Customer-centric organizations empower their employees to engage with customers on social media, for support to address customer issues, for product and design to get customer feedback, and for all to respond to customer input with empathy and understanding. The goal is to cultivate trust and relationships between companies and their customers.
Delivering personalized experiences in social media comes naturally when the companies recognize that their employees are the brand ambassadors and allow them to have personal communication with customers and not a legal script that they have to follow.
What is your opinion on AI-based chatbots to handle customer support?
In my experience, chatbots have ways to go before they evolve beyond using a knowledge base and FAQ structure and offer a natural conversation flow.
I don’t blame this on the chatbot and AI technology which is just becoming mainstream even though it’s been around for a while. Organizations must define the use cases and scenarios they want to offer to their customers and build a comprehensive understanding of how their customers interact with them. Plus, they must figure out how to ensure that customers have convenient access to speak to a live person when needed; the experience must be blended and can’t rely on the only chatbot.
We have seen how Interactive Voice Response (IVR) became an anti-CX with its frustrating infinite menu loop, and chatbots are walking the same path right now.

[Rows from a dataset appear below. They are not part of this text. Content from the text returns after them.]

Definition lik1 n m k (E : rel (vert n m)) (p : vert n m * vert n m -> R)
  (lam : vert n m -> 'I_k -> bool) : R :=
  \prod_(e | is_edge E e) (p e ^+ hdist lam e.1 e.2 * (1 - p e) ^+ (k - hdist lam e.1 e.2)).

Definition cost1 n m k (E : rel (vert n m)) (p : vert n m * vert n m -> R)
  (lam : vert n m -> 'I_k -> bool) : \bar R :=
  let P := lik1 E p lam in
  if P == 0 then +oo%E else (- log2 P)%:E.

Definition valid_p n m (E : rel (vert n m)) (p : vert n m * vert n m -> R) : Prop :=
  forall e, is_edge E e -> 0 <= p e <= 2^-1.

End Costs.

From HB Require Import structures.
From mathcomp Require Import all_boot all_order all_algebra.
From mathcomp Require Import boolp reals constructive_ereal exp.
From mathcomp Require Import normedtype sequences.
From mathcomp Require Import ring lra zify.
Import Order.TTheory GRing.Theory Num.Theory.
Local Open Scope ring_scope.
Set Implicit Arguments. Unset Strict Implicit. Unset Printing Implicit Defensive.

(* The likelihood of an assignment is a product over the k characters, and the
   factor of a character only depends on the column it induces on the vertices.
   Among the characters sharing a leaf pattern chi, copying the internal column
   of the best one into all of them cannot decrease the likelihood; this defines
   f chi.  For a fixed distance d on an edge, p^d (1-p)^(k-d) is maximal at
   p = d/k (at min(d/k, 1/2) under the constraint p <= 1/2), so both versions
   amount to maximising a product of weights h(d_e) <= 1 over all trees and
   assignments.  This maximum is attained, although trees may be arbitrarily
   large, because only boundedly many edges with h(d_e) < 1 fit above any
   positive value, and the other edges contribute the factor 1. *)

Lemma sum_nat_pred_card (I : finType) (b : pred I) : (\sum_i b i)%N = #|b|.
Proof.
by rewrite -sum1_card [RHS]big_mkcond; apply: eq_bigr => i _; rewrite unfold_in; case: (b i).
Qed.

Lemma card_predC_sub (I : finType) (b : pred I) : #|[predC b]| = (#|I| - #|b|)%N.
Proof. by rewrite -(cardC b) addKn. Qed.

Lemma prodr_if_card (R : comPzSemiRingType) (I : finType) (b : pred I) (x y : R) :
  \prod_i (if b i then x else y) = x ^+ #|b| * y ^+ (#|I| - #|b|).
Proof.
rewrite (bigID b) /= -card_predC_sub.
rewrite (eq_bigr (fun=> x)) => [|i ->] //.
rewrite [X in _ * X](eq_bigr (fun=> y)) => [|i /negbTE ->] //.
by rewrite !prodr_const.
Qed.

Lemma sumr_if_card (V : nmodType) (I : finType) (b : pred I) (x y : V) :
  \sum_i (if b i then x else y) = x *+ #|b| + y *+ (#|I| - #|b|).
Proof.
rewrite (bigID b) /= -card_predC_sub.
rewrite (eq_bigr (fun=> x)) => [|i ->] //.
rewrite [X in _ + X](eq_bigr (fun=> y)) => [|i /negbTE ->] //.
by rewrite !sumr_const.
Qed.

Section CharacterwiseReduction.
Variables (R : realType) (n m k : nat) (mu : 'I_n -> 'I_k -> bool).
Variables (E : rel (vert n m)) (p : vert n m * vert n m -> R).

Definition column_lik (c : vert n m -> bool) : R :=
  \prod_(e | is_edge E e) (if c e.1 != c e.2 then p e else 1 - p e).

Lemma lik1_columns lam : lik1 E p lam = \prod_(j < k) column_lik (fun v => lam v j).
Proof.
rewrite /lik1 /column_lik exchange_big /=; apply: eq_bigr => e _.
by rewrite prodr_if_card /hdist sum_nat_pred_card card_ord.
Qed.

Hypothesis p01 : forall e, is_edge E e -> 0 <= p e <= 1.

Lemma column_lik_ge0 c : 0 <= column_lik c.
Proof.
apply: prodr_ge0 => e /p01 /andP[p_ge0 p_le1].
by case: ifP; rewrite ?subr_ge0.
Qed.

Lemma lik1_le_ext lam : extends mu lam -> exists f, lik1 E p lam <= lik1 E p (ext mu f).
Proof.
move=> lam_mu.
pose chi j : {ffun 'I_n -> bool} := [ffun u => mu u j].
pose col i v := lam v i.
pose best j := [arg max_(i > j | chi i == chi j) column_lik (col i)]%O.
pose f c := if [pick j | chi j == c] is Some j
            then [ffun w => lam (inr w) (best j)] else [ffun=> false].
exists f; rewrite !lik1_columns; apply: ler_prod => j _; rewrite column_lik_ge0 /=.
have [j' /eqP chi_j' f_j] :
    exists2 j', chi j' == chi j & f (chi j) = [ffun w => lam (inr w) (best j')].
  by rewrite /f; case: pickP => [j' ?|/(_ j)]; [exists j' | rewrite eqxx].
rewrite /best in f_j.
case: (@arg_maxP _ _ _ j' (fun i => chi i == chi j') (fun i => column_lik (col i)) (eqxx _)) f_j.
move=> i /eqP chi_i i_max f_j.
have -> : (fun v => ext mu f v j) = col i.
  apply: funext => -[u|w] /=; last by rewrite -/(chi j) f_j ffunE.
  rewrite /col lam_mu.
  by have := congr1 (fun g : {ffun 'I_n -> bool} => g u) (etrans chi_i chi_j'); rewrite !ffunE.
by apply: i_max; rewrite chi_j'.
Qed.

End CharacterwiseReduction.

Section Log2.
Variable R : realType.
Implicit Types x y : R.

Lemma log2_1 : log2 (1 : R) = 0.
Proof. by rewrite /log2 ln1 mul0r. Qed.

Lemma log2M x y : 0 < x -> 0 < y -> log2 (x * y) = log2 x + log2 y.
Proof. by move=> x_gt0 y_gt0; rewrite /log2 lnM ?posrE // mulrDl. Qed.

Lemma log2Xn x j : 0 < x -> log2 (x ^+ j) = log2 x *+ j.
Proof. by move=> x_gt0; rewrite /log2 lnXn // mulrnAl. Qed.

Lemma ler_log2 x y : 0 < x -> x <= y -> log2 x <= log2 y.
Proof.
move=> x_gt0 xy; rewrite /log2 ler_pM2r ?invr_gt0 ?ln_gt0 ?ltr1n //.
by rewrite ler_ln ?posrE // (lt_le_trans x_gt0).
Qed.

Lemma log2_prod (I : finType) (P : pred I) (F : I -> R) :
  (forall i, P i -> 0 < F i) ->
  log2 (\prod_(i | P i) F i) = \sum_(i | P i) log2 (F i).
Proof.
move=> F_gt0.
have [_ ->] // : 0 < \prod_(i | P i) F i /\
                 log2 (\prod_(i | P i) F i) = \sum_(i | P i) log2 (F i).
apply: (big_rec2 (fun x y => 0 < x /\ log2 x = y)) => [|i x y Pi [x_gt0 <-]].
  by rewrite ltr01 log2_1.
by rewrite mulr_gt0 ?F_gt0 // log2M ?F_gt0.
Qed.

End Log2.

Lemma card_ord_lt k d : #|[pred i : 'I_k | (i < d)%N]| = minn d k.
Proof.
rewrite -sum_nat_pred_card; elim: k => [|k IHk]; first by rewrite big_ord0 minn0.
by rewrite big_ord_recr /= IHk; case: ltnP => /= ?; lia.
Qed.

Section BinomialLikelihood.
Variables (R : realType) (k : nat).

Definition edge_lik (q : R) (d : nat) : R := q ^+ d * (1 - q) ^+ (k - d).

Lemma edge_lik_ge0 q d : 0 <= q <= 1 -> 0 <= edge_lik q d.
Proof. by move=> /andP[q_ge0 q_le1]; rewrite mulr_ge0 ?exprn_ge0 ?subr_ge0. Qed.

Lemma edge_lik_le1 q d : 0 <= q <= 1 -> edge_lik q d <= 1.
Proof.
move=> /andP[q_ge0 q_le1].
by rewrite mulr_ile1 ?exprn_ge0 ?exprn_ile1 ?subr_ge0 // lerBlDr lerDl.
Qed.

Lemma edge_lik_gt0 q d : ((0 < d)%N -> 0 < q) -> ((d < k)%N -> q < 1) -> 0 < edge_lik q d.
Proof.
move=> q_gt0 q_lt1; apply: mulr_gt0.
  by case: (posnP d) => [->|/q_gt0 /exprn_gt0 //]; rewrite expr0.
case: (ltnP d k) => [/q_lt1 ?|kd]; first by rewrite exprn_gt0 ?subr_gt0.
by have -> : (k - d = 0)%N by lia.
Qed.

Definition freq (d : nat) : R := d%:R / k%:R.

Definition capped_freq (d : nat) : R := if (d.*2 <= k)%N then freq d else 2^-1.

Hypothesis k_gt0 : (0 < k)%N.

Lemma freq_gt0 d : (0 < d)%N -> 0 < freq d.
Proof. by move=> d_gt0; rewrite divr_gt0 ?ltr0n. Qed.

Lemma freq_range d : (d <= k)%N -> 0 <= freq d <= 1.
Proof. by move=> dk; rewrite divr_ge0 ?ler0n //= ler_pdivrMr ?ltr0n // mul1r ler_nat. Qed.

Lemma freq_lt1 d : (d < k)%N -> freq d < 1.
Proof. by move=> dk; rewrite ltr_pdivrMr ?ltr0n // mul1r ltr_nat. Qed.

Lemma capped_freq_range d : 0 <= capped_freq d <= 2^-1.
Proof.
rewrite /capped_freq; case: ifP => [d2k|_]; last by rewrite lexx invr_ge0 ler0n.
rewrite /freq divr_ge0 ?ler0n //= ler_pdivrMr ?ltr0n //.
have : (d.*2)%:R <= k%:R :> R by rewrite ler_nat.
rewrite -muln2 natrM; lra.
Qed.

Lemma edge_lik_le_freq p d : (d <= k)%N -> 0 <= p <= 1 -> edge_lik p d <= edge_lik (freq d) d.
Proof.
move=> dk /andP[p_ge0 p_le1].
have [->|d_gt0] := posnP d.
  rewrite /edge_lik /freq mul0r subr0 !expr0 !mul1r expr1n; apply: exprn_ile1; lra.
case: ltngtP dk => // [d_lt_k _|-> _]; last first.
  by rewrite /edge_lik /freq divff ?pnatr_eq0 -?lt0n // subnn !expr0 !mulr1 expr1n exprn_ile1.
have q_gt0 := freq_gt0 d_gt0; have q_lt1 := freq_lt1 d_lt_k.
set q := freq d in q_gt0 q_lt1 *.
(* AM-GM for d copies of p/q and k-d copies of (1-p)/(1-q), whose mean is 1 *)
pose w (i : 'I_k) := if (i < d)%N then p / q else (1 - p) / (1 - q).
have w_ge0 : {in predT, forall i, 0 <= w i}.
  by move=> i _; rewrite /w; case: ifP => _; apply: divr_ge0; lra.
have := (leif_AGM w_ge0).1.
rewrite card_ord (eq_bigl xpredT) // [X in _ <= (X / _) ^+ _ -> _](eq_bigl xpredT) //.
rewrite /w (prodr_if_card [pred i : 'I_k | (i < d)%N]).
rewrite (sumr_if_card [pred i : 'I_k | (i < d)%N]).
rewrite card_ord card_ord_lt (minn_idPl (ltnW d_lt_k)).
have -> : (p / q) *+ d + (1 - p) / (1 - q) *+ (k - d) = k%:R.
  rewrite /q /freq -[_ *+ d]mulr_natr -[_ *+ (k - d)]mulr_natr natrB ?(ltnW d_lt_k) //.
  have k_neq0 : k%:R != 0 :> R by rewrite pnatr_eq0 -lt0n.
  have kd_neq0 : k%:R - d%:R != 0 :> R.
    by rewrite -natrB ?(ltnW d_lt_k) // pnatr_eq0 subn_eq0 -ltnNge.
  have d_neq0 : d%:R != 0 :> R by rewrite pnatr_eq0 -lt0n.
  have -> : 1 - d%:R / k%:R = (k%:R - d%:R) / k%:R :> R by field.
  by field; rewrite d_neq0 k_neq0 kd_neq0.
clearbody q; rewrite divff ?pnatr_eq0 -?lt0n // expr1n !expr_div_n mulf_div.
by rewrite ler_pdivrMr ?mulr_gt0 ?exprn_gt0 ?subr_gt0 // mul1r.
Qed.

Lemma edge_lik_le_capped_freq p d :
  (d <= k)%N -> 0 <= p <= 2^-1 -> edge_lik p d <= edge_lik (capped_freq d) d.
Proof.
move=> dk /andP[p_ge0 p_le_half].
have half_le1 : 2^-1 <= 1 :> R by rewrite invf_le1 ?ler1n.
rewrite /capped_freq; case: ifP => d2k.
  by apply: edge_lik_le_freq; rewrite // p_ge0 (le_trans p_le_half).
(* for d >= k - d, write p^d (1-p)^(k-d) = p^(2d-k) (p(1-p))^(k-d), increasing on [0,1/2] *)
rewrite /edge_lik; set e := (k - d)%N.
have -> : 1 - 2^-1 = 2^-1 :> R by field.
have -> : d = (d - e + e)%N by rewrite subnK //; lia.
rewrite !exprD -!mulrA -!exprMn.
apply: ler_pM; rewrite ?exprn_ge0 ?mulr_ge0 ?subr_ge0 ?invr_ge0 ?ler0n //; try lra.
  by apply: lerXn2r; rewrite ?nnegrE ?invr_ge0 ?ler0n.
by apply: lerXn2r; rewrite ?nnegrE ?mulr_ge0 ?subr_ge0 ?invr_ge0 ?ler0n //; nra.
Qed.

Lemma edge_lik_freq_gt0 d : 0 < edge_lik (freq d) d.
Proof. by apply: edge_lik_gt0; [apply: freq_gt0 | apply: freq_lt1]. Qed.

Lemma edge_lik_capped_freq_gt0 d : 0 < edge_lik (capped_freq d) d.
Proof.
apply: edge_lik_gt0 => [d_gt0|_].
  by rewrite /capped_freq; case: ifP => _; rewrite ?freq_gt0 ?invr_gt0 ?ltr0n.
have /andP[_ q_le_half] := capped_freq_range d.
by apply: le_lt_trans q_le_half _; rewrite invf_lt1 ?ltr1n.
Qed.

Lemma Hbin_freq d : (d <= k)%N -> Hbin (freq d) = - (k%:R^-1 * log2 (edge_lik (freq d) d)).
Proof.
move=> dk; have k_neq0 : k%:R != 0 :> R by rewrite pnatr_eq0 -lt0n.
rewrite /Hbin /xlog2x /edge_lik.
have [->|d_gt0] := posnP d.
  by rewrite /freq mul0r eqxx subr0 oner_eq0 expr0 expr1n mul1r log2_1 mul1r; lra.
case: ltngtP dk => // [d_lt_k _|-> _]; last first.
  by rewrite /freq divff // subrr oner_eq0 eqxx subnn !expr0 mulr1 expr1n log2_1 mul1r; lra.
have q_gt0 := freq_gt0 d_gt0; have q_lt1 := freq_lt1 d_lt_k.
rewrite gt_eqF // gt_eqF ?subr_gt0 // log2M ?exprn_gt0 ?subr_gt0 // !log2Xn ?subr_gt0 //.
have e1 : 1 - freq d = (k - d)%:R / k%:R by rewrite /freq natrB ?(ltnW d_lt_k) //; field.
set L1 := log2 (freq d); set L2 := log2 (1 - freq d).
by rewrite e1 /freq -[L1 *+ _]mulr_natl -[L2 *+ _]mulr_natl; field.
Qed.

End BinomialLikelihood.

Section ProductOfPowersArgmax.
Variables (R : realType) (K : nat) (h : 'I_K -> R).
Hypothesis h_range : forall j, 0 < h j <= 1.

Definition prod_powers (c : 'I_K -> nat) : R := \prod_j h j ^+ c j.

Lemma prod_powers_gt0 c : 0 < prod_powers c.
Proof. by apply: prodr_gt0 => j _; rewrite exprn_gt0 //; case/andP: (h_range j). Qed.

Lemma prod_powers_le_expr c j : prod_powers c <= h j ^+ c j.
Proof.
have /andP[/ltW h_ge0 _] := h_range j.
rewrite /prod_powers (bigD1 j) //= ler_piMr ?exprn_ge0 //.
apply: prodr_ile1 => i _; have /andP[/ltW hi_ge0 hi_le1] := h_range i.
by rewrite exprn_ge0 ?exprn_ile1.
Qed.

Lemma prod_powers_count_bounded v : 0 < v ->
  exists N, forall c j, v <= prod_powers c -> h j < 1 -> (c j <= N)%N.
Proof.
move=> v_gt0.
pose a := \big[Num.max/0]_(j | h j < 1) h j.
have a_ge0 : 0 <= a by rewrite /a; elim/big_rec: _ => // j x _ x_ge0; rewrite le_max x_ge0 orbT.
have a_lt1 : a < 1 by rewrite /a; elim/big_rec: _ => // j x h_lt1 x_lt1; rewrite gt_max h_lt1.
have le_a j : h j < 1 -> h j <= a by move=> h_lt1; rewrite /a (bigD1 j) //= le_max lexx.
have : `|a| < 1 by rewrite ger0_norm.
move=> /cvg_expr /cvgr_lt /(_ v v_gt0) [N _ /(_ N (leqnn N)) /= aN_lt_v].
exists N => c j v_le h_lt1; rewrite leqNgt; apply/negP => /ltnW N_le_c.
have h_ge0 : 0 <= h j by case/andP: (h_range j) => /ltW.
have : h j ^+ c j <= a ^+ N.
  apply: (le_trans (y := a ^+ c j)); first by rewrite lerXn2r ?nnegrE ?le_a.
  by rewrite ler_wiXn2l // ltW.
have := prod_powers_le_expr c j; lra.
Qed.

Senior management’s objective is to deploy chatbots to cut costs instead of enhancing the experience. That is why they don’t spend time understanding and defining what the customer wants to solve without understanding the real cost to their brands of the negative impact this creates.

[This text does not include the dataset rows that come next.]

Definition subspace (R : realType) (V : lmodType R[i]) (M : set V) :=
  M 0 /\ (forall a x y, M x -> M y -> M (a *: x + y)).

Definition seq_closed (R : realType) (V : lmodType R[i]) (ip : V -> V -> R[i]) (M : set V) :=
  forall u x, (forall n, M (u n)) -> converges_to ip u x -> M x.

Section Subspace.
Variables (R : realType) (V : lmodType R[i]) (M : set V).
Hypothesis HM : subspace M.
Implicit Types (x y : V).

Lemma subspace0 : M 0. Proof. by case: HM. Qed.
Lemma subspaceD x y : M x -> M y -> M (x + y).
Proof. by case: HM => _ h hx hy; rewrite -[x]scale1r; apply: h. Qed.
Lemma subspaceZ a x : M x -> M (a *: x).
Proof. by case: HM => h0 h hx; rewrite -[_ *: _]addr0; apply: h. Qed.
Lemma subspaceB x y : M x -> M y -> M (x - y).
Proof. by move=> hx hy; rewrite -scaleN1r; apply: subspaceD hx (subspaceZ _ hy). Qed.

End Subspace.

Section NearestPoint.
Variable R : realType.
Local Notation Re := (@complex.Re R).
Local Notation Im := (@complex.Im R).
Variables (V : lmodType R[i]) (ip : V -> V -> R[i]).
Hypothesis Hip : is_inner_product ip.
Local Notation nr := (ipnorm ip).
Local Notation sqnorm := (sqnorm ip).
Variable M : set V.
Hypothesis HM : subspace M.
Implicit Types (x y z : V).

(* The parallelogram law applied to [z - m1] and [z - m2], whose half-sum is
   [z] minus the midpoint of [m1] and [m2]. *)
Lemma sqnormB_near z d m1 m2 : (forall m, M m -> d <= nr (z - m)) -> 0 <= d ->
  M m1 -> M m2 ->
  sqnorm (m1 - m2) <= 2 * sqnorm (z - m1) + 2 * sqnorm (z - m2) - 4 * d ^+ 2.
Proof.
move=> dle d0 hm1 hm2.
set a := z - m1; set b := z - m2.
set mid := (2^-1 : R)%:C *: (m1 + m2).
have hab : a + b = (2 : R)%:C *: (z - mid).
  rewrite /a /b /mid scalerBr scalerA -rmorphM divff ?pnatr_eq0 // rmorph1 scale1r.
  by rewrite rmorph_nat scaler_nat mulr2n opprD addrACA.
have par : sqnorm (a - b) + sqnorm (a + b) = 2 * sqnorm a + 2 * sqnorm b.
  by rewrite sqnormB // sqnormD //; ring.
have h4 : 4 * d ^+ 2 <= sqnorm (a + b).
  have hd : d <= nr (z - mid) by apply/dle/(subspaceZ HM)/(subspaceD HM).
  rewrite hab sqnormZ_real // -(sqr_ipnorm Hip).
  have : d ^+ 2 <= nr (z - mid) ^+ 2 by rewrite ler_sqr ?nnegrE ?ipnorm_ge0.
  lra.
have hba : a - b = m2 - m1 by rewrite /a /b opprB addrC addrA subrK.
by rewrite -opprB -hba sqnormN //; lra.
Qed.

Lemma nearest_point_orth z p : M p -> (forall m, M m -> nr (z - p) <= nr (z - m)) ->
  forall w, M w -> ip (z - p) w = 0.
Proof.
move=> hp hmin.
have hRe w : M w -> Re (ip (z - p) w) = 0.
  move=> hw; suff : (- Re (ip (z - p) w)) ^+ 2 <= 0 * sqnorm w by rewrite mul0r sqrrN; nra.
  apply: quadratic_ge0_discr => [|t]; first exact: sqnorm_ge0.
  have := hmin _ (subspaceD HM hp (subspaceZ HM t%:C hw)).
  rewrite opprD addrA -(ler_sqr (ipnorm_ge0 _ _) (ipnorm_ge0 _ _)) !sqr_ipnorm //.
  by rewrite (sqnormB Hip (z - p)) sqnormZ_real // Re_ipZr_real //; lra.
move=> w hw; apply: complex_ext; first by rewrite hRe.
by have := hRe _ (subspaceZ HM 'i hw); rewrite ipZr // ReM /=; lra.
Qed.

My advice to management is do your homework and define the use cases and scenarios that matter to customers.
What was the best movie you saw that has come out during this past year?
There were two movies I liked this year: Hamilton, since I didn’t have the chance to see it on Broadway, and a documentary called Coded Bias. This movie is about the bias in AI and algorithms and very relevant for understanding the implications of advanced technology.
Last but not least, what is your favorite CX metric?
I don’t have a favorite metric; I like to use the right metric at the right time at the right place to generate insight on what I can take action on. But to answer your question, I am warming up to Customer Lifetime Value (CLTV) which gives me a better view of how the business is managing their customers.